Theorem lemma5p1 (R : realType) (n : nat) (lam : nat -> nat)
  (Hlam : is_partition n lam) (y : nat -> nat -> R) :
  inGZ n lam y ->
  exists P : epattern,
    [/\ enhanced n lam P, inCell n lam P y &
        forall Q : epattern, enhanced n lam Q -> inCell n lam Q y -> same_pattern n Q P].
Proof.
move=> y_GZ; have P_enh := gz_pattern_enhanced Hlam y_GZ.
have P_cell := gz_pattern_cell y_GZ.
exists (gz_pattern n lam y); split=> // Q Q_enh Q_cell.
exact: cell_pattern_unique Q_enh Q_cell P_enh P_cell.
Qed.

## ABOUT THIS EXERCISE
Output the records above in their entirety, exactly.

## TASK SOLUTION
Theorem lemma5p1 (R : realType) (n : nat) (lam : nat -> nat)
  (Hlam : is_partition n lam) (y : nat -> nat -> R) :
  inGZ n lam y ->
  exists P : epattern,
    [/\ enhanced n lam P, inCell n lam P y &
        forall Q : epattern, enhanced n lam Q -> inCell n lam Q y -> same_pattern n Q P].
Proof.
move=> y_GZ; have P_enh := gz_pattern_enhanced Hlam y_GZ.
have P_cell := gz_pattern_cell y_GZ.
exists (gz_pattern n lam y); split=> // Q Q_enh Q_cell.
exact: cell_pattern_unique Q_enh Q_cell P_enh P_cell.
Qed.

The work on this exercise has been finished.